Hiroki Yamaguchi (MIDNIGHT VISCERA) was only 22 when he began filming this futuristic horror. Considering the tender age, and the obvious low budget he had to work with, HELLEVATOR is a triumph of imagination and design. It's cannily edited in a manner that keeps things consistently interesting to the eye. The use of colours (predominantly primary colours) is another simple, yet effective trick that's used to good effect.
The largely unknown cast is superb, fleshing out the roles of disparate strangers locked in a tense situation with skill and enthusiasm. Fujisaki impresses in particular as the mildly psychopathic schoolie harbouring traumatic memories of her abusive father, while the two convicts are portrayed with genuinely chilling relish by the relevant players.
The violence, it must be said, is filmed with just as much gusto as the other visuals on offer. This really is bone-crunching stuff at times. Why smack someone in the face with a broken video camera, when you could do it, say, 20 times?!

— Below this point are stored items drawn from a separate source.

(* Let $n\ge 3$, let $K$ be a field, $S_n$ as defined below, and $P=a_1a_2\cdots a_nS_n$. Then: (1) $P$ is a prime ideal of the monoid $S_n$; (2) every prime ideal $Q$ of the algebra $K[S_n]$ with $Q\cap S_n\neq\emptyset$ contains $P$; (3) $K[P]$ is a prime ideal of $K[S_n]$ of height one, i.e. every nonzero prime ideal $P_0$ of $K[S_n]$ with $P_0\subseteq K[P]$ equals $K[P]$.
   Context: For $n\ge 3$, $S_n$ denotes the monoid with generators $a_1,\dots,a_n$ and defining relations $a_1a_2\cdots a_n=a_{\sigma(1)}a_{\sigma(2)}\cdots a_{\sigma(n)}$ for all $\sigma$ in the cyclic subgroup of $\operatorname{Sym}_n$ generated by the cycle $(1,2,\dots,n)$. An ideal $P\neq S$ of a monoid $S$ is prime if $aSb\subseteq P$ with $a,b\in S$ implies $a\in P$ or $b\in P$. For an ideal $I$ of $S_n$, $K[I]$ denotes the $K$-linear span of $I$ in $K[S_n]$. *)

From HB Require Import structures.
From mathcomp Require Import all_boot all_order all_algebra.
From Stdlib Require Import Relation_Operators ClassicalEpsilon.
Set Implicit Arguments. Unset Strict Implicit. Unset Printing Implicit Defensive.
Import GRing.Theory.
Local Open Scope ring_scope.

(* Words in the generators a_1..a_n; generator a_(i+1) is the letter i : 'I_n.
   S_n is the free monoid modulo the congruence [sn_eq n]. *)
Definition word (n : nat) := seq 'I_n.

Definition base (n : nat) : word n := enum 'I_n.

(* one elementary use of a defining relation inside a word:
   rot k (base n) = a_{sigma(1)}...a_{sigma(n)} with sigma = (1 2 ... n)^k *)
Definition sn_step (n : nat) (u v : word n) : Prop :=
  exists (x y : word n) (k : nat),
    u = x ++ rot k (base n) ++ y /\ v = x ++ base n ++ y.

Definition sn_eq (n : nat) : word n -> word n -> Prop :=
  clos_refl_sym_trans (word n) (@sn_step n).

(* subsets of S_n are predicates on words invariant under sn_eq *)
Definition mon_ideal (n : nat) (I : word n -> Prop) : Prop :=
  [/\ (forall u v, @sn_eq n u v -> I u -> I v),
      (exists u, I u) &
      (forall u s, I u -> I (s ++ u) /\ I (u ++ s))].

Definition mon_prime (n : nat) (I : word n -> Prop) : Prop :=
  [/\ mon_ideal I,
      (exists w, ~ I w) &
      (forall a b : word n, (forall s, I (a ++ s ++ b)) -> I a \/ I b)].

Definition Pideal (n : nat) (w : word n) : Prop :=
  exists s : word n, @sn_eq n w (base n ++ s).

Definition pb (P : Prop) : bool :=
  if excluded_middle_informative P then true else false.

(* an element of K[S_n] is given by a formal finite K-linear combination of
   words; two such represent the same element iff all coefficients agree *)
Definition kalg (K : fieldType) (n : nat) := seq (K * word n).

Definition kcoef (K : fieldType) (n : nat) (p : kalg K n) (x : word n) : K :=
  \sum_(cw <- p | pb (@sn_eq n cw.2 x)) cw.1.

Definition keq (K : fieldType) (n : nat) (p q : kalg K n) : Prop :=
  forall x, kcoef p x = kcoef q x.

Definition kzero (K : fieldType) (n : nat) : kalg K n := [::].
Definition kadd (K : fieldType) (n : nat) (p q : kalg K n) : kalg K n := p ++ q.
Definition kmul (K : fieldType) (n : nat) (p q : kalg K n) : kalg K n :=
  [seq (a.1 * b.1, a.2 ++ b.2) | a <- p, b <- q].
Definition kword (K : fieldType) (n : nat) (w : word n) : kalg K n := [:: (1, w)].

(* two-sided ideal of K[S_n] (as a predicate compatible with equality in K[S_n]);
   K-linearity follows from closure under multiplication by scalars c*1 *)
Definition alg_ideal (K : fieldType) (n : nat) (I : kalg K n -> Prop) : Prop :=
  [/\ (forall p q, keq p q -> I p -> I q),
      I (kzero K n),
      (forall p q, I p -> I q -> I (kadd p q)) &
      (forall p r, I p -> I (kmul r p) /\ I (kmul p r))].

Definition alg_prime (K : fieldType) (n : nat) (I : kalg K n -> Prop) : Prop :=
  [/\ alg_ideal I,
      (exists p, ~ I p) &
      (forall a b, (forall r, I (kmul (kmul a r) b)) -> I a \/ I b)].

Definition kspan (K : fieldType) (n : nat) (I : word n -> Prop) (p : kalg K n) : Prop :=
  exists q : kalg K n, keq p q /\ (forall c w, (c, w) \in q -> I w).

From HB Require Import structures.
From mathcomp Require Import all_boot all_order all_algebra.
From Stdlib Require Import Relation_Operators Classical ClassicalEpsilon.

Set Implicit Arguments. Unset Strict Implicit. Unset Printing Implicit Defensive.
Import GRing.Theory.

(* The relations are homogeneous and z is central, since
   c z = z c for every letter c.  A relation can only be applied to a word
   containing a cyclic shift of z as a factor, so P is exactly the set of
   words with such a factor and every word outside P is alone in its class.
   For n >= 3 two words a, b outside P can be joined as a c c b, for a
   suitable letter c, without creating a cyclic factor; this is (1).

   Equality in K[S_n] is tested by linear forms klin F induced
   by class functions F; grouping the terms of such a form by classes yields
   formulas for coefficients of products.  (2): a prime ideal containing a
   word w contains z^|w|, hence z since z is central, hence z S_n.
   (3): K[P] is spanned by the words of P; if a, b lie outside K[P], take
   longest words u0, v0 outside P with nonzero coefficients in a, b and s
   joining them as above: u0 s v0 is outside P and its coefficient in a s b
   is the nonzero product of those coefficients, so a s b is not in K[P].
   Finally K[P] = z K[S_n]; a nonzero prime P0 inside it contains some z L,
   so contains z or the shorter L, and by descent contains z, hence K[P]. *)

Section Congruence.
Variable n : nat.
Implicit Types u v w p q : word n.

Lemma sn_refl u : sn_eq u u. Proof. exact: rst_refl. Qed.

Lemma sn_sym u v : sn_eq u v -> sn_eq v u. Proof. exact: rst_sym. Qed.

Lemma sn_trans u v w : sn_eq u v -> sn_eq v w -> sn_eq u w.
Proof. exact: rst_trans. Qed.

Lemma sn_cat p q u v : sn_eq u v -> sn_eq (p ++ u ++ q) (p ++ v ++ q).
Proof.
elim=> {u v} [u v [x [y [k [-> ->]]]] | u | u v _ IH | u v w _ IH1 _ IH2].
- by apply: rst_step; exists (p ++ x), (y ++ q), k; rewrite !catA.
- exact: sn_refl.
- exact: sn_sym.
- exact: sn_trans IH1 IH2.
Qed.

Lemma sn_catl p u v : sn_eq u v -> sn_eq (p ++ u) (p ++ v).
Proof. by move=> /(sn_cat p [::]); rewrite !cats0. Qed.

Lemma sn_catr q u v : sn_eq u v -> sn_eq (u ++ q) (v ++ q).
Proof. exact: sn_cat [::] q u v. Qed.

(* The defining relations are homogeneous, so the length of a word is an
   invariant of the element of S_n it represents. *)
Lemma sn_size u v : sn_eq u v -> size u = size v.
Proof.
elim=> {u v} [u v [x [y [k [-> ->]]]] | | u v _ -> | u v w _ -> _ ->] //.
by rewrite !size_cat [size (drop _ _) + _]addnC -size_cat cat_take_drop.
Qed.

Lemma size_base : size (base n) = n.
Proof. exact: size_enum_ord. Qed.

Lemma sn_rot k : sn_eq (base n) (rot k (base n)).
Proof. by apply: rst_sym; apply: rst_step; exists [::], [::], k; rewrite !cats0. Qed.

End Congruence.

Section Centre.
Variable n : nat.
Implicit Types u w x : word n.

Lemma rot_base_head (c : 'I_n) :
  rot c (base n) = c :: (drop c.+1 (base n) ++ take c (base n)).
Proof. by rewrite /rot (drop_nth c) ?size_base // nth_ord_enum. Qed.

(* Each letter commutes with z: c z = c (c+1 ... c-1) c = z c. *)
Lemma cons_base (c : 'I_n) : sn_eq (c :: base n) (base n ++ [:: c]).
Proof.
have hc : c < size (base n) by rewrite size_base.
have shift : c :: rot c.+1 (base n) = rot c (base n) ++ [:: c].
  by rewrite /rot (drop_nth c hc) (take_nth c hc) nth_ord_enum -cats1 catA.
apply: (sn_trans (sn_catl [:: c] (sn_rot n c.+1))).
by rewrite /= shift; apply: sn_catr; apply: sn_sym; apply: sn_rot.
Qed.

Lemma base_central x : sn_eq (x ++ base n) (base n ++ x).
Proof.
elim: x => [|c x IH] /=; first by rewrite cats0; apply: sn_refl.
apply: (sn_trans (sn_catl [:: c] IH)).
by have := sn_catr x (cons_base c); rewrite -catA.
Qed.

Fixpoint zpow m : word n := if m is m'.+1 then zpow m' ++ base n else [::].

Lemma zpow_div w : exists u, sn_eq (zpow (size w)) (w ++ u).
Proof.
elim/last_ind: w => [|w c [u IH]]; first by exists [::]; apply: sn_refl.
rewrite size_rcons /=; exists (drop c.+1 (base n) ++ take c (base n) ++ u).
apply: (sn_trans (sn_catr (base n) IH)); rewrite -catA.
apply: (sn_trans (sn_catl w (base_central u))).
rewrite -cats1 -catA /=; apply: sn_catl.
by rewrite catA -cat_cons -rot_base_head; apply: sn_catr; apply: sn_rot.
Qed.

End Centre.

Section Rigidity.
Variable n : nat.
Implicit Types u v w s : word n.

Definition has_cyclic_factor w := exists k, infix (rot k (base n)) w.

(* A relation can only be applied to a word with a cyclic factor, and it
   produces such a word: words without cyclic factor are alone in their class. *)
Lemma sn_eq_rigid u v :
  sn_eq u v -> u = v \/ (has_cyclic_factor u /\ has_cyclic_factor v).
Proof.
elim=> {u v} [u v [x [y [k [-> ->]]]] | u | u v _ IH | u v w _ IH1 _ IH2].
- by right; split; [exists k | exists 0]; rewrite ?rot0 infix_infix.
- by left.
- by case: IH => [->|[]]; [left | right].
- case: IH1 => [->|[h1 h2]] //.
  by right; split=> //; case: IH2 => [<-|[]].
Qed.

Lemma Pideal_cyclic w : Pideal w <-> has_cyclic_factor w.
Proof.
split=> [[s /sn_eq_rigid [->|[]//]] | [k /infixP [x [y ->]]]].
  by exists 0; rewrite rot0 prefix_infix.
exists (x ++ y); apply: (sn_trans (v := x ++ base n ++ y)).
  by apply: rst_step; exists x, y, k.
by rewrite !catA; apply: sn_catr; apply: base_central.
Qed.

Lemma Pideal_sn u v : sn_eq u v -> Pideal u -> Pideal v.
Proof.
move=> /sn_eq_rigid [<- //|[_ hv] _]; exact/Pideal_cyclic.
Qed.

Lemma Pideal_catl s w : Pideal w -> Pideal (s ++ w).
Proof. by move=> /Pideal_cyclic [k hk]; apply/Pideal_cyclic; exists k; apply: infix_catl. Qed.

Lemma Pideal_catr s w : Pideal w -> Pideal (w ++ s).
Proof. by move=> /Pideal_cyclic [k hk]; apply/Pideal_cyclic; exists k; apply: infix_catr. Qed.

Lemma Pideal_size w : Pideal w -> n <= size w.
Proof. by case=> s /sn_size ->; rewrite size_cat size_base leq_addr. Qed.

Lemma Pideal_nil : 0 < n -> ~ @Pideal n [::].
Proof. by move=> n_pos /Pideal_size; rewrite leqn0 => /eqP n0; rewrite n0 in n_pos. Qed.

Lemma sn_eq_nonP u v : ~ Pideal u -> sn_eq u v -> u = v.
Proof. by move=> hu /sn_eq_rigid [//|[h _]]; case: hu; apply/Pideal_cyclic. Qed.

End Rigidity.

Lemma infix_sorted_cat (T : eqType) (e : rel T) (x0 : T) (s t r : seq T) :
  ~~ e (last x0 s) (head x0 t) -> sorted e r -> infix r (s ++ t) ->
  infix r s || infix r t.
Proof.
move=> junction sorted_r /infixP [x [y E]].
have [left_of|] := leqP (size (x ++ r)) (size s).
  apply/orP; left; apply/infixP; exists x, (drop (size (x ++ r)) s).
  have pre : take (size (x ++ r)) s = x ++ r.
    by rewrite -(takel_cat t left_of) E catA take_size_cat.
  by rewrite catA -[in LHS](cat_take_drop (size (x ++ r)) s) pre.
rewrite size_cat => cross_end; have [right_of|cross_start] := leqP (size s) (size x).
  apply/orP; right; apply/infixP; exists (drop (size s) x), y.
  rewrite -(drop_size_cat t (erefl (size s))) E drop_cat.
  case: ltngtP right_of => // -> _.
  by rewrite subnn drop0 drop_size.
(* otherwise r contains the two letters around the junction *)
exfalso; move: junction; apply/negP/negPn.
have mid j : j < size r -> nth x0 (x ++ r ++ y) (size x + j) = nth x0 r j.
  by move=> hj; rewrite nth_cat ltnNge leq_addr /= addKn nth_cat hj.
set j := (size s).-1 - size x.
have s_pos : 0 < size s by apply: leq_ltn_trans cross_start.
have hj : size x + j = (size s).-1 by rewrite subnKC // -ltnS prednK.
have hj1 : j.+1 < size r by rewrite -(ltn_add2l (size x)) addnS hj prednK.
move/sortedP: sorted_r => /(_ x0 j hj1).
rewrite -mid ?(ltn_trans _ hj1) // -mid // addnS hj prednK // -E.
by rewrite !nth_cat ltn_predL s_pos nth_last ltnn subnn nth0.
Qed.

Section PrimeWords.
Variable n : nat.
Implicit Types a b w : word n.

Definition cyc_succ : rel 'I_n := fun c d => d == ordS c.

Lemma path_iota_mod m k :
  m + k < n -> path (fun i j => j == i.+1 %% n) m (iota m.+1 k).
Proof.
elim: k m => [|k IH] m //= hmk.
rewrite IH ?addSnnS // andbT modn_small //.
by apply: leq_ltn_trans hmk; rewrite -addn1 leq_add2l.
Qed.

Lemma cycle_iota_mod : cycle (fun i j => j == i.+1 %% n) (iota 0 n).
Proof.
have [->|n_pos] := posnP n; first by [].
rewrite -[X in iota 0 X](prednK n_pos) /= rcons_path path_iota_mod ?prednK //=.
have last_iota k m : last k (iota k.+1 m) = k + m.
  by elim: m k => [|m IH] k /=; rewrite ?addn0 // IH addSnnS.
by rewrite last_iota prednK // modnn.
Qed.

Lemma sorted_rot_base k : sorted cyc_succ (rot k (base n)).
Proof.
have : cycle cyc_succ (rot k (base n)).
  rewrite rot_cycle (@eq_cycle _ _ (relpre val (fun i j => j == i.+1 %% n))) //.
  by rewrite -cycle_map val_enum_ord cycle_iota_mod.
by case: (rot k _) => //= c r; rewrite rcons_path => /andP [].
Qed.

Lemma ordS_neq (c : 'I_n) : 1 < n -> c != ordS c.
Proof.
move=> n_gt1; apply/eqP => /(congr1 val) /=.
case: (ltngtP c.+1 n) (ltn_ord c) => [lt _| //| eq _].
  by rewrite modn_small // => /n_Sn.
by rewrite eq modnn => c0; move: eq; rewrite c0 => n1; rewrite -n1 in n_gt1.
Qed.

Lemma exists_separator (l h : 'I_n) : 3 <= n ->
  exists c, [&& ~~ cyc_succ l c, ~~ cyc_succ c c & ~~ cyc_succ c h].
Proof.
move=> n_ge3.
have : 0 < #|~: [set ordS l; ord_pred h]|.
  rewrite cardsCs setCK card_ord cards2 subn_gt0.
  by apply: leq_trans n_ge3; rewrite ltnS; case: (_ != _).
case/card_gt0P => c; rewrite !inE negb_or => /andP [cl ch].
exists c; rewrite /cyc_succ cl ordS_neq ?(leq_trans _ n_ge3) //=.
by apply: contra ch => /eqP ->; rewrite ordSK.
Qed.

The plot, too, merits a mention. Were this a mere innocents-stuck-in-a-confined-space-with-psychopaths premise, it would run out of steam pretty quickly. But Yamaguchi throws a lot more into the mix - some delightfully unexpected, others just plain baffling. For a start, we learn early on that Luchino is psychic (which is useful, because we get to learn more about the people she's trapped with through her visions), then later that she happens to be telepathic too. Oh, and there's the cop who interviews the survivors throughout, desperately trying to pin the aforementioned explosion on one of Luchino's discarded cigarettes ...
But HELLEVATOR exists to be enjoyed for it's unrelenting pace, stunning, often imaginative visuals and editing, rousing violence and madcap plot twists. It's fair to say there's nothing else like it - although the group-of-strangers-under-pressure-who-fall-apart-and-aren't-what-they-at-first-seemed scenario, along with the sci-fi elements of the set design, do vaguely recall CUBE. Which isn't a bad thing.
Terra's disc offers the film uncut in 1.78:1 anamorphic widescreen. Images are clear and bright, with only minor grain and ghosting in the odd scene to moan about. The Japanese 2.0 audio is a good job, as are the error-free removable English subtitles.
The film can be accessed via 20 chapters.
Extras include an engaging 12 minute interview with the young director, who speaks energetically about how he was able to fund the film's theatrical release thanks to it winning a couple of festival awards (including Most Groundbreaking Film at Montreal's Fantasia Festival).
A making-of documentary offers some interesting on-set footage, but is all to brief at only 6 minutes in length.
More substantial are interviews with several of the principal cast members, shot at the same time as the director's interview. These last 13 minutes in total.
A 16x9 enhanced theatrical trailer follows, while trailers for seven other Terra titles - including TOKYO PSYCHO and SUICIDE MANUAL round things off.
All the HELLEVATOR-related extras are presented with removable English subtitles.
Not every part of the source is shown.